Check every line of the data for the word "functionals", and copy those that have it.

• [Material provided]

- - -

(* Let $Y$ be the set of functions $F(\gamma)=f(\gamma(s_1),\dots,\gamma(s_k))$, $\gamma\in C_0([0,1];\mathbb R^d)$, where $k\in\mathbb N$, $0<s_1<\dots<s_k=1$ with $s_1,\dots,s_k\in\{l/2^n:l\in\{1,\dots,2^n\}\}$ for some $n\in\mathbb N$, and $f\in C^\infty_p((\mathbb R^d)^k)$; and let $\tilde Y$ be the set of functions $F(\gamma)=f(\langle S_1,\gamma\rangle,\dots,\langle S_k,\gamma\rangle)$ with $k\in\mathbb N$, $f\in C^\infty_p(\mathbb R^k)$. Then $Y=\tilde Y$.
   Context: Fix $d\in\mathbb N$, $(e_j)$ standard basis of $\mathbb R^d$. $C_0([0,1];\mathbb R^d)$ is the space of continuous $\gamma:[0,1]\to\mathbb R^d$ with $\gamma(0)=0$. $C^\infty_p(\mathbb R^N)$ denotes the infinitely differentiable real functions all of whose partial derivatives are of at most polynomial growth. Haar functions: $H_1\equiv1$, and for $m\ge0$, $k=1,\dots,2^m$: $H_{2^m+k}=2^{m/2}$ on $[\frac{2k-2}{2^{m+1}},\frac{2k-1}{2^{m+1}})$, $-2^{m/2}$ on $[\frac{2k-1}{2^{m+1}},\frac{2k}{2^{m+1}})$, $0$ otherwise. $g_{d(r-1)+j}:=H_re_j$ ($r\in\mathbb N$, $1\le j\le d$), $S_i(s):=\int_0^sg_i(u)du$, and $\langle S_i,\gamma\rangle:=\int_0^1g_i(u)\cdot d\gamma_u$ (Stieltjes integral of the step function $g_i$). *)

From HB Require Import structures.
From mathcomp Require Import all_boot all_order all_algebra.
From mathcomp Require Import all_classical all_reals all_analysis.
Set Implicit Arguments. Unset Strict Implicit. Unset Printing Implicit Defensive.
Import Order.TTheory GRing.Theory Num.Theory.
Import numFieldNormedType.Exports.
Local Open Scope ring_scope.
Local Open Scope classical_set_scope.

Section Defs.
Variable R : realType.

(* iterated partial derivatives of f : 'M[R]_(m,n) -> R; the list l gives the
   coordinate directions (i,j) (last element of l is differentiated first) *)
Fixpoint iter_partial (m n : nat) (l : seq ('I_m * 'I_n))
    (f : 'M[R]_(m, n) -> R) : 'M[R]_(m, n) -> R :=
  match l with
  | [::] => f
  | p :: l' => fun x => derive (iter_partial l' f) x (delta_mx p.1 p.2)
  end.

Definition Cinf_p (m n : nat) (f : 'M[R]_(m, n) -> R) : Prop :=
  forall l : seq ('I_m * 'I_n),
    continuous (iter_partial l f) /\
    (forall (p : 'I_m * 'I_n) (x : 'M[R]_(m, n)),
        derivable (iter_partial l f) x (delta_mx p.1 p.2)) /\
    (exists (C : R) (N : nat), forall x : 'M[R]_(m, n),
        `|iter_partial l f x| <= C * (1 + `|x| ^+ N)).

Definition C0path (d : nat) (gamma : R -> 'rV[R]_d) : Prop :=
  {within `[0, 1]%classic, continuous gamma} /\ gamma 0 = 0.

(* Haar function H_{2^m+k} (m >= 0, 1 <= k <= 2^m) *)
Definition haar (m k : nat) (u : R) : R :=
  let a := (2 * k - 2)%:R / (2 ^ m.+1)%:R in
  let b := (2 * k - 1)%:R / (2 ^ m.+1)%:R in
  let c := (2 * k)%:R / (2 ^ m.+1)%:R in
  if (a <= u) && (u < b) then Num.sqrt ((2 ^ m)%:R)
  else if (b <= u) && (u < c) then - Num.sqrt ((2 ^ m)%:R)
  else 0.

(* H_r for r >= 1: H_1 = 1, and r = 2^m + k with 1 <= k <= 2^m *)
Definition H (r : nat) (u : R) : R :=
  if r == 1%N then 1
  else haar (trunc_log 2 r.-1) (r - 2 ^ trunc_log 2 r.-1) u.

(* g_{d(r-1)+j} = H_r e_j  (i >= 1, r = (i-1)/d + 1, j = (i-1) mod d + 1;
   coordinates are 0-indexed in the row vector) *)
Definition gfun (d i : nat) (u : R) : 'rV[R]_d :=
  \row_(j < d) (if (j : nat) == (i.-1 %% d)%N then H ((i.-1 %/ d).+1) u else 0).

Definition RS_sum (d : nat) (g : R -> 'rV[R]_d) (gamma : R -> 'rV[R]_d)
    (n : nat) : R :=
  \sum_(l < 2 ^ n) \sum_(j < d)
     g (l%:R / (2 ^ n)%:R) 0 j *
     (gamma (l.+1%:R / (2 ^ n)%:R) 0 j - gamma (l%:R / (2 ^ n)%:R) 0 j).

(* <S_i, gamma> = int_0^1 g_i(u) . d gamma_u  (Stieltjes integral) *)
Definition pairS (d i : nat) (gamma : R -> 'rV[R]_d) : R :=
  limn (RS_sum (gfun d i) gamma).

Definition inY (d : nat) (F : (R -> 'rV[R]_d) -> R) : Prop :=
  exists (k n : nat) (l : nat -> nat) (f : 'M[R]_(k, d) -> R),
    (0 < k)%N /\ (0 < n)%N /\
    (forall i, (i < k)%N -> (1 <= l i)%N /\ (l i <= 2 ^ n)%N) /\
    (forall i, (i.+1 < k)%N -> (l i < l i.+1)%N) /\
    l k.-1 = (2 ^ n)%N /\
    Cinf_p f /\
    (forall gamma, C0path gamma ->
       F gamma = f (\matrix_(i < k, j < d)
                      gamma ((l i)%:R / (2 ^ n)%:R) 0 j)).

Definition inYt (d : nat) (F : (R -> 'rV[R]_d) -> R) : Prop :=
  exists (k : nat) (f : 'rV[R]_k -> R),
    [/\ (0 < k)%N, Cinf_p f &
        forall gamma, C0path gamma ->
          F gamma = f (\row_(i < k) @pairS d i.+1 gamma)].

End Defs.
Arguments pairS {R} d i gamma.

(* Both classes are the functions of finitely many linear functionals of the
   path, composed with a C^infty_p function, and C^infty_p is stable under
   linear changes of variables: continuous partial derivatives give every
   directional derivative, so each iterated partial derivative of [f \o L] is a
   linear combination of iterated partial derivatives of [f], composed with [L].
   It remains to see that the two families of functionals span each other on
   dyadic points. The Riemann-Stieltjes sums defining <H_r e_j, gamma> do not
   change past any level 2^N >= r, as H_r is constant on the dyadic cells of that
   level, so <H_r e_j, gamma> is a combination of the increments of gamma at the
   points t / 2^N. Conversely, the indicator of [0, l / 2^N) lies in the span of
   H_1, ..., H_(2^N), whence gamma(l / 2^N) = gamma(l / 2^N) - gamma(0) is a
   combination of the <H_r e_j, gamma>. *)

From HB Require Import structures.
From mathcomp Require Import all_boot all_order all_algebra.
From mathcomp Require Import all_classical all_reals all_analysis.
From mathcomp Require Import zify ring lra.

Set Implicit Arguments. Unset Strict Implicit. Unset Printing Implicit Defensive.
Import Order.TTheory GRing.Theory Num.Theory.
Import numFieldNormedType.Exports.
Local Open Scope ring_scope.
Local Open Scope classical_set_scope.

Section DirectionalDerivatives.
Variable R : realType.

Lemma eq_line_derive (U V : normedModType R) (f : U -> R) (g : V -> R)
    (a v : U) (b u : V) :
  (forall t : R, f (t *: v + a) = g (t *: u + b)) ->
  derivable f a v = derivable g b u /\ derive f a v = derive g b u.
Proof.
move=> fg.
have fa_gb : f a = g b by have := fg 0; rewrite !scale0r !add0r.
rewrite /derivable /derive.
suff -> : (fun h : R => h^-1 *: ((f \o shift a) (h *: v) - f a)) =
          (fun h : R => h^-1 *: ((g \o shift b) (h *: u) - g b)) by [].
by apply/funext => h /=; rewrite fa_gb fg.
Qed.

- - -

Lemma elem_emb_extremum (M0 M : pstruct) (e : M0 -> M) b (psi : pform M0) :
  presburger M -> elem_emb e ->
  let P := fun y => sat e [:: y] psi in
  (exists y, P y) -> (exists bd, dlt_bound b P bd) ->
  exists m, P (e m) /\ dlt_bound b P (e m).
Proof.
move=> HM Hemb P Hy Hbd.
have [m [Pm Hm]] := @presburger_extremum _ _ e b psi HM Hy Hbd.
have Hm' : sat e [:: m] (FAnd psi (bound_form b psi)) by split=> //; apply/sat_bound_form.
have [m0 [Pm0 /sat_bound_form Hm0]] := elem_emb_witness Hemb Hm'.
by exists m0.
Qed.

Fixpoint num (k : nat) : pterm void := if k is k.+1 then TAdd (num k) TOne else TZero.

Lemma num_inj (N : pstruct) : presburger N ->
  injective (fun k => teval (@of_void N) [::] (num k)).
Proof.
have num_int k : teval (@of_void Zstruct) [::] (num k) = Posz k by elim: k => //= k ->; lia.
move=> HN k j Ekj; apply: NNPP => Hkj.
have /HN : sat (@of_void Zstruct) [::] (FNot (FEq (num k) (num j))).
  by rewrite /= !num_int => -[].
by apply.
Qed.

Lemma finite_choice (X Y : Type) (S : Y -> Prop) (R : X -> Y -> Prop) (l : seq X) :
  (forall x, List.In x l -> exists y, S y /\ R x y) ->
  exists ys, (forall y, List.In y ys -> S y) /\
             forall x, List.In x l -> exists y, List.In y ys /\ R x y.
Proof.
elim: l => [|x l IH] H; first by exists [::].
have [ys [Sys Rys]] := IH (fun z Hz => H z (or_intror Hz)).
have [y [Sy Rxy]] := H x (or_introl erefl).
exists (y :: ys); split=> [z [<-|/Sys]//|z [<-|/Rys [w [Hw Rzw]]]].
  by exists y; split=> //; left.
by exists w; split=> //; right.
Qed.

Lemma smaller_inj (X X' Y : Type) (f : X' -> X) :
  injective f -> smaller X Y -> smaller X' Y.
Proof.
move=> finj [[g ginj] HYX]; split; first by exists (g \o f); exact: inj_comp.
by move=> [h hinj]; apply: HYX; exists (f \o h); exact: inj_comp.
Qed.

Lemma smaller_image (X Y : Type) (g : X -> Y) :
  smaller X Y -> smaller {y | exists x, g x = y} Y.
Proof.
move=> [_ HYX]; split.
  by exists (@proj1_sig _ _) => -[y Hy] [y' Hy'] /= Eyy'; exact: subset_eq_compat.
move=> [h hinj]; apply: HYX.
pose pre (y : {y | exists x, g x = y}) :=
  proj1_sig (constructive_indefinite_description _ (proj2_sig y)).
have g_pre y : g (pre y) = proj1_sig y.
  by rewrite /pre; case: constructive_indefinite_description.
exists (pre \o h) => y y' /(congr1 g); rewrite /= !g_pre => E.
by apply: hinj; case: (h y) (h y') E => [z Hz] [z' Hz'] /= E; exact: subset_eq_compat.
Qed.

- - -

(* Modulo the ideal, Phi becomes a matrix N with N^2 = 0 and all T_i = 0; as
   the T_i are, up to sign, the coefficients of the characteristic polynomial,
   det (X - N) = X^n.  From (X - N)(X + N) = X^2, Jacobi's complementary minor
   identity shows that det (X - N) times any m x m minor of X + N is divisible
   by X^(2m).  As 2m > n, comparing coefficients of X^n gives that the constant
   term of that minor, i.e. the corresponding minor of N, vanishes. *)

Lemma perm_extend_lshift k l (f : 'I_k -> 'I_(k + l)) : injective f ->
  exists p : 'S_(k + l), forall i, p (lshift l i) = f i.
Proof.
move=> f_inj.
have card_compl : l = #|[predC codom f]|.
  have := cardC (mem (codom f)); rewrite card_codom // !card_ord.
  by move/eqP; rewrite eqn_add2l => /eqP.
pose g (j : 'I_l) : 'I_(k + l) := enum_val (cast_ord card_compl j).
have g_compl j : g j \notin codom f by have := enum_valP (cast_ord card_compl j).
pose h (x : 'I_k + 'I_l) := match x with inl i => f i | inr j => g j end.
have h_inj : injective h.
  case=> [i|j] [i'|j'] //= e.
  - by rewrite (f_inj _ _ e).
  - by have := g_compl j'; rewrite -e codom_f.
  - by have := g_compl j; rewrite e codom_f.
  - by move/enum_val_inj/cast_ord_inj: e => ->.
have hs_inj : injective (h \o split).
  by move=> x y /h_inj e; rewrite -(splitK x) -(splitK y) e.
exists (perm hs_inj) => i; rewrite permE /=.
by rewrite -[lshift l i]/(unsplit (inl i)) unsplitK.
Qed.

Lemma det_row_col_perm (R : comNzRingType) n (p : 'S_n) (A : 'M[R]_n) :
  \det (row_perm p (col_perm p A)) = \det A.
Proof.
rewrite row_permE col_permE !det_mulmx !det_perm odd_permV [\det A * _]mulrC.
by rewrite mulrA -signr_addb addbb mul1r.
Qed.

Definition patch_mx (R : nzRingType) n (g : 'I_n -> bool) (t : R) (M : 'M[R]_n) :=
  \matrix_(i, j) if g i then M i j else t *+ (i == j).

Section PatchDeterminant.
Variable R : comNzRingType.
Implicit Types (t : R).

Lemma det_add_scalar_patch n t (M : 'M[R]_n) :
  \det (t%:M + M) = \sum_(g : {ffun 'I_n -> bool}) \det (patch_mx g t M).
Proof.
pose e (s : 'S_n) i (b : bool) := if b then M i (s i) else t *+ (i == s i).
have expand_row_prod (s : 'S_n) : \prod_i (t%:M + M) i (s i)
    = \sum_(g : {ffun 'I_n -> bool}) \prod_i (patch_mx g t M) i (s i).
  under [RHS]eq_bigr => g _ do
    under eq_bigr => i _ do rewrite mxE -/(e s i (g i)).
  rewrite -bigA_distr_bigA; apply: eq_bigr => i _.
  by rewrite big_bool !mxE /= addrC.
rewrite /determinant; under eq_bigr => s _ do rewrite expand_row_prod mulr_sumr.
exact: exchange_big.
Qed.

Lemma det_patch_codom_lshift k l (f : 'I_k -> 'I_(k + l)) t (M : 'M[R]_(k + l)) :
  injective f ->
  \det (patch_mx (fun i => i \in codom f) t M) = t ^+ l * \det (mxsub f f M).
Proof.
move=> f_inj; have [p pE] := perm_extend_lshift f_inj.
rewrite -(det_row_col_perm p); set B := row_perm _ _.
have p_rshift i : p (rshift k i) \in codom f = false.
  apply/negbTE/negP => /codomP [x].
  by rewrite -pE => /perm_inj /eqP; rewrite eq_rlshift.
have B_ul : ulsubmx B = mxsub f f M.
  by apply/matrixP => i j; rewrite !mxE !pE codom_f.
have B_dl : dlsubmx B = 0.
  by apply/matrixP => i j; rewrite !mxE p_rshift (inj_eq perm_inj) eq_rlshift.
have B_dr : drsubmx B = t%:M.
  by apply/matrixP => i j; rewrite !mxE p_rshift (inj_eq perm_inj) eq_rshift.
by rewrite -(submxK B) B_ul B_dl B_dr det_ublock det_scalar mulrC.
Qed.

- - -

• [Output below]
(* Both classes are the functions of finitely many linear functionals of the
   It remains to see that the two families of functionals span each other on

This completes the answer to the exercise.